THE combined choirs of Chanctonbury Chorus and Hurst College Choral Society and Orchestra made their performance of Verdi’s Requiem a night to remember.
It is a long journey, both in time and distance, from the Church of San Marco, Milan, to the splendour of Hurst College Chapel in Hurstpierpoint, where, 140 years after Verdi’s Requiem was heard for the first time, a packed audience gathered on Sunday to luxuriate in a magnificent presentation of the funeral mass.
The combined might of the two groups performed this beautiful work in the chapel’s appropriately historical surroundings - and what a night it was.
Under the orchestral leadership of Charlotte Scott and the guiding baton of Neil Matthews, the Requiem launched into its softly descending opening, immediately suggestive of the word Requiem. Strong support from all four soloists in turn and the 100-plus mixed choir made this a tour de force to be reckoned with.

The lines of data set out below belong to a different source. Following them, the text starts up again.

(* Let $d$, $n$ and $m$ be integers with $d\geq 3$, $n\geq 6$ and $3n-5\leq m\leq\binom{n}{2}$. For each $G\in T_{n,m}$ it holds that $\lambda_{st}^d(G)\leq n-1$, with equality if and only if $G\in T_{n,m}^u$.
   Context: All graphs are finite, simple and undirected. A two-terminal graph is a graph $G$ together with two distinguished vertices $s,t$ (the terminals). $T_{n,m}$ denotes the set of all pairwise nonisomorphic (with isomorphisms preserving the set of terminals) two-terminal graphs with $n$ vertices and $m$ edges. For a positive integer $d$, a $d$-pathset of a two-terminal graph $G$ is a spanning subgraph of $G$ containing a path of length (number of edges) at most $d$ joining $s$ and $t$; $N_i^d(G)$ is the number of $d$-pathsets of $G$ with exactly $i$ edges. For $G\in T_{n,m}$ and $i\in\{1,\ldots,m\}$, $B_i^d(G)=\binom{m}{i}-N_{m-i}^d(G)$ is the number of $i$-element edge sets $U$ of $G$ such that $G-U$ is not a $d$-pathset (i.e. contains no $s$–$t$ path of length at most $d$). $\lambda_{st}^d(G)$ is the least positive integer $j$ with $B_j^d(G)>0$. A vertex is universal if it is adjacent to all other vertices; $T_{n,m}^u$ is the set of graphs in $T_{n,m}$ in which both terminals are universal. *)

From mathcomp Require Import all_boot.
Set Implicit Arguments. Unset Strict Implicit. Unset Printing Implicit Defensive.

(* A two-terminal graph on vertex set 'I_n is given by an edge set
   E : {set {set 'I_n}} whose elements are 2-element vertex sets (a simple
   graph), together with terminals s t : 'I_n (s <> t). *)

Definition simple_edges (n : nat) (E : {set {set 'I_n}}) : bool :=
  [forall e in E, #|e| == 2].

Definition has_short_path (n : nat) (d : nat) (F : {set {set 'I_n}})
    (s t : 'I_n) : bool :=
  [exists k : 'I_(d.+1), exists p : k.-tuple 'I_n,
     [&& uniq (s :: val p), last s (val p) == t &
         path (fun x y => [set x; y] \in F) s (val p)]].

Definition B_st (n d : nat) (E : {set {set 'I_n}}) (s t : 'I_n) (i : nat) : nat :=
  #|[set U in powerset E | (#|U| == i) && ~~ has_short_path d (E :\: U) s t]|.

(* lambda_st^d(G): least positive j (necessarily j <= m = #|E|) with B_j > 0;
   (0 if none exists, which never happens when s != t, since B_m = 1). *)
Definition lambda_st (n d : nat) (E : {set {set 'I_n}}) (s t : 'I_n) : nat :=
  head 0 [seq j <- iota 1 #|E| | 0 < B_st d E s t j].

Definition universal (n : nat) (E : {set {set 'I_n}}) (v : 'I_n) : bool :=
  [forall w : 'I_n, (w != v) ==> ([set v; w] \in E)].

(* Deleting the edges at a terminal v destroys every s-t path, so lambda is at
   most the degree of v; this is at most n - 1, and at most n - 2 unless v is
   universal.  Conversely, if both terminals are universal, a set U of edges
   destroying all s-t paths of length at most 2 contains st and, for every
   other vertex w, one of sw and wt; choosing these edges injectively shows
   #|U| >= n - 1. *)

From mathcomp Require Import all_boot zify.

Set Implicit Arguments.
Unset Strict Implicit.
Unset Printing Implicit Defensive.

Lemma head_filterP (T : Type) (x0 : T) (P : pred T) (r : seq T) :
  has P r -> P (head x0 [seq x <- r | P x]).
Proof. by elim: r => //= x r IHr; case: ifP => //= _; exact: IHr. Qed.

Lemma head_filter_iota_le (P : pred nat) a m j :
  P j -> a <= j < a + m -> head 0 [seq i <- iota a m | P i] <= j.
Proof.
elim: m a => [|m IHm] a Pj /andP[aj jam] /=; first by lia.
case: ifP => Pa //=; apply: IHm => //.
have ja : j != a by apply: contraFneq Pa => <-.
by apply/andP; split; lia.
Qed.

Section Degrees.
Variables (n : nat) (E : {set {set 'I_n}}).

Definition incident (v : 'I_n) := [set e in E | v \in e].

Definition neighbours (v : 'I_n) := [set w | (w != v) && ([set v; w] \in E)].

Lemma card_incident v : simple_edges E -> #|incident v| <= #|neighbours v|.
Proof.
move=> /forall_inP simpleE.
apply: leq_trans (leq_imset_card (fun w => [set v; w]) _).
apply/subset_leq_card/subsetP => e; rewrite inE => /andP[eE ve].
have /cards2P[x [y [xy exy]]] := simpleE e eE; subst e.
apply/imsetP; case/set2P: ve => ->.
  by exists y; rewrite // inE eq_sym xy eE.
by exists x; rewrite 1?setUC // inE xy setUC eE.
Qed.

Lemma card_neighbours v : #|neighbours v| <= n.-1.
Proof.
rewrite -[n in n.-1]card_ord -(cardsC1 v); apply/subset_leq_card/subsetP => w.
by rewrite !inE => /andP[].
Qed.

Lemma card_neighbours_non_universal v :
  ~~ universal E v -> #|neighbours v| < n.-1.
Proof.
move=> nonuniv; rewrite -[n in n.-1]card_ord -(cardsC1 v); apply: proper_card.
rewrite properEneq; apply/andP; split.
  apply: contraNneq nonuniv => eqN; apply/forallP => w; apply/implyP => wv.
  by move: (wv); rewrite -in_setC1 -eqN inE => /andP[].
by apply/subsetP => w; rewrite !inE => /andP[].
Qed.

End Degrees.

Section Terminals.
Variables (n d : nat) (s t : 'I_n).
Hypothesis neq_st : s != t.

Lemma short_path_terminal_edge (F : {set {set 'I_n}}) v :
  v \in [set s; t] -> has_short_path d F s t -> exists2 e, e \in F & v \in e.
Proof.
move=> /set2P[] -> /existsP[k /existsP[[p _] /= /and3P[_ /eqP lastp pathp]]].
  case: p lastp pathp => [|w p] /=.
    by move=> ts; move: neq_st; rewrite ts eqxx.
  by move=> _ /andP[swF _]; exists [set s; w]; rewrite ?set21.
case/lastP: p lastp pathp => [|p w] /=.
  by move=> ts; move: neq_st; rewrite ts eqxx.
rewrite last_rcons rcons_path => -> /andP[_ wtF].
by exists [set last s p; t]; rewrite ?set22.
Qed.

Lemma short_path_edge (F : {set {set 'I_n}}) :
  1 <= d -> [set s; t] \in F -> has_short_path d F s t.
Proof.
move=> d1 stF; apply/existsP; exists (Ordinal (d1 : 1 < d.+1)).
by apply/existsP; exists [tuple t]; rewrite /= inE neq_st eqxx stF.
Qed.

Lemma short_path_two_edges (F : {set {set 'I_n}}) w :
  2 <= d -> w != s -> w != t -> [set s; w] \in F -> [set w; t] \in F ->
  has_short_path d F s t.
Proof.
move=> d2 ws wt swF wtF; apply/existsP; exists (Ordinal (d2 : 2 < d.+1)).
apply/existsP; exists [tuple w; t] => /=.
by rewrite !inE negb_or neq_st eq_sym ws wt eqxx swF wtF.
Qed.

Variable E : {set {set 'I_n}}.

Lemma lambda_st_le_cut (U : {set {set 'I_n}}) :
  U \subset E -> 0 < #|U| -> ~~ has_short_path d (E :\: U) s t ->
  lambda_st d E s t <= #|U|.
Proof.
move=> UE U0 noPath; apply: head_filter_iota_le; last first.
  by rewrite U0 add1n ltnS subset_leq_card.
by apply/card_gt0P; exists U; rewrite inE powersetE UE eqxx noPath.
Qed.

Lemma lambda_st_cut :
  0 < #|E| -> exists2 U : {set {set 'I_n}}, U \subset E &
    #|U| = lambda_st d E s t /\ ~~ has_short_path d (E :\: U) s t.
Proof.
move=> E0.
have noPath : ~~ has_short_path d (E :\: E) s t.
  apply/negP => /(short_path_terminal_edge (set21 s t))[e].
  by rewrite setDv inE.
have /card_gt0P[U] : 0 < B_st d E s t (lambda_st d E s t).
  apply: (@head_filterP _ 0 (fun j => 0 < B_st d E s t j)).
  apply/hasP; exists #|E|; last first.
    by apply/card_gt0P; exists E; rewrite inE powersetE subxx eqxx noPath.
  by rewrite mem_iota; lia.
rewrite inE powersetE => /and3P[UE /eqP cardU noPathU].
by exists U.
Qed.

Lemma lambda_st_le_incident v :
  v \in [set s; t] -> 0 < #|E| -> lambda_st d E s t <= maxn 1 #|incident E v|.
Proof.
move=> vst E0.
have noPath (U : {set {set 'I_n}}) :
    incident E v \subset U -> ~~ has_short_path d (E :\: U) s t.
  move=> vU; apply/negP => /(short_path_terminal_edge vst)[e].
  rewrite inE => /andP[eU eE] ve.
  by move: eU; rewrite (subsetP vU) // inE eE ve.
have incE : incident E v \subset E.
  by apply/subsetP => e; rewrite inE => /andP[].
have [inc0 | inc_gt0] := posnP #|incident E v|.
  have /card_gt0P[e eE] := E0.
  rewrite inc0 -(cards1 e).
  apply: lambda_st_le_cut; rewrite ?sub1set ?cards1 //.
  by apply: noPath; move/cards0_eq: inc0 => ->; exact: sub0set.
by rewrite leq_max (lambda_st_le_cut incE inc_gt0 (noPath _ (subxx _))) orbT.
Qed.

(* Every vertex w <> s is sent to an edge of U inside {s, w, t} containing w:
   to sw when possible, otherwise to wt (and st itself lies in U). *)
Lemma card_cut_universal (U : {set {set 'I_n}}) :
  2 <= d -> universal E s -> universal E t -> U \subset E ->
  ~~ has_short_path d (E :\: U) s t -> n.-1 <= #|U|.
Proof.
move=> d2 /forallP univS /forallP univT UE noPath.
have stU : [set s; t] \in U.
  apply: contraNT noPath => stU; apply: short_path_edge; first by lia.
  by rewrite inE stU (implyP (univS t)) // eq_sym.
pose f w := if [set s; w] \in U then [set s; w] else [set w; t].
have fU w : w != s -> f w \in U.
  rewrite /f => ws; case: ifP => // swU.
  have wt : w != t by apply: contraFneq swU => ->.
  apply: contraNT noPath => wtU.
  apply: (short_path_two_edges (w := w)) => //; rewrite inE ?swU ?wtU /=.
    by rewrite (implyP (univS w)).
  by rewrite setUC (implyP (univT w)) // eq_sym.
have fw w : w \in f w by rewrite /f; case: ifP; rewrite ?set21 ?set22.
have f_sub w x : x \in f w -> [|| x == s, x == t | x == w].
  by rewrite /f; case: ifP => _ /set2P[] ->; rewrite eqxx ?orbT.
have f_inj : {in [set~ s] &, injective f}.
  move=> w w'; rewrite !inE => ws w's fww'.
  have := f_sub w w'; rewrite fww' fw (negbTE w's) /=.
  case/(_ isT)/orP => [/eqP w't | /eqP -> //].
  have := f_sub w' w; rewrite -fww' fw (negbTE ws) /=.
  case/(_ isT)/orP => [/eqP wt | /eqP -> //].
  by rewrite w't wt.
rewrite -[n in n.-1]card_ord -(cardsC1 s) -(card_in_imset f_inj).
apply/subset_leq_card/subsetP => e /imsetP[w ws ->].
by apply: fU; rewrite -in_setC1.
Qed.

End Terminals.

Theorem lemma12 (d n m : nat) (E : {set {set 'I_n}}) (s t : 'I_n) :
  3 <= d -> 6 <= n -> 3 * n - 5 <= m -> m <= 'C(n, 2) ->
  simple_edges E -> s != t -> #|E| = m ->
  lambda_st d E s t <= n - 1 /\
  (lambda_st d E s t = n - 1 <-> universal E s /\ universal E t).
Proof.
move=> d3 n6 m_ge _ simpleE neq_st cardE.
have E0 : 0 < #|E| by rewrite cardE; lia.
have le_deg v :
    v \in [set s; t] -> lambda_st d E s t <= maxn 1 #|neighbours E v|.
  move=> vst; apply: leq_trans (lambda_st_le_incident d neq_st vst E0) _.
  by rewrite geq_max leq_maxl leq_max (card_incident _ simpleE) orbT.
have le_n1 v : v \in [set s; t] -> lambda_st d E s t <= n - 1.
  by move=> /le_deg; have := card_neighbours E v; lia.
have univ v : v \in [set s; t] -> lambda_st d E s t = n - 1 -> universal E v.
  move=> /le_deg le_v lam; apply: contraTT le_v.
  move=> /card_neighbours_non_universal.
  by rewrite lam; lia.
split; first exact: le_n1 (set21 s t).
split=> [lam | [univS univT]]; first by rewrite !univ ?set21 ?set22.
apply/eqP; rewrite eqn_leq (le_n1 s (set21 s t)) /=.
have [U UE [<- noPath]] := lambda_st_cut d neq_st E0.
by have := card_cut_universal neq_st (ltnW d3) univS univT UE noPath; lia.
Qed.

With no hesitation and no faltering, this was clearly building to be a performance to remember. The hours of rehearsal, missed meals and late nights were quickly forgotten as the performers got into their stride.
Mind you as with any professional or semi-professional performers, the cacophony of the orchestral warm up lead one to wonder how the 100-strong voices and 50-strong orchestra would pull off a performance to be remembered – but this was what they managed.
The beautifully tight, sometimes contemporary harmonies of the orchestra and voices totally belied the age of this piece. If we didn’t know better, it could have been composed just yesterday, not close to 150 years ago.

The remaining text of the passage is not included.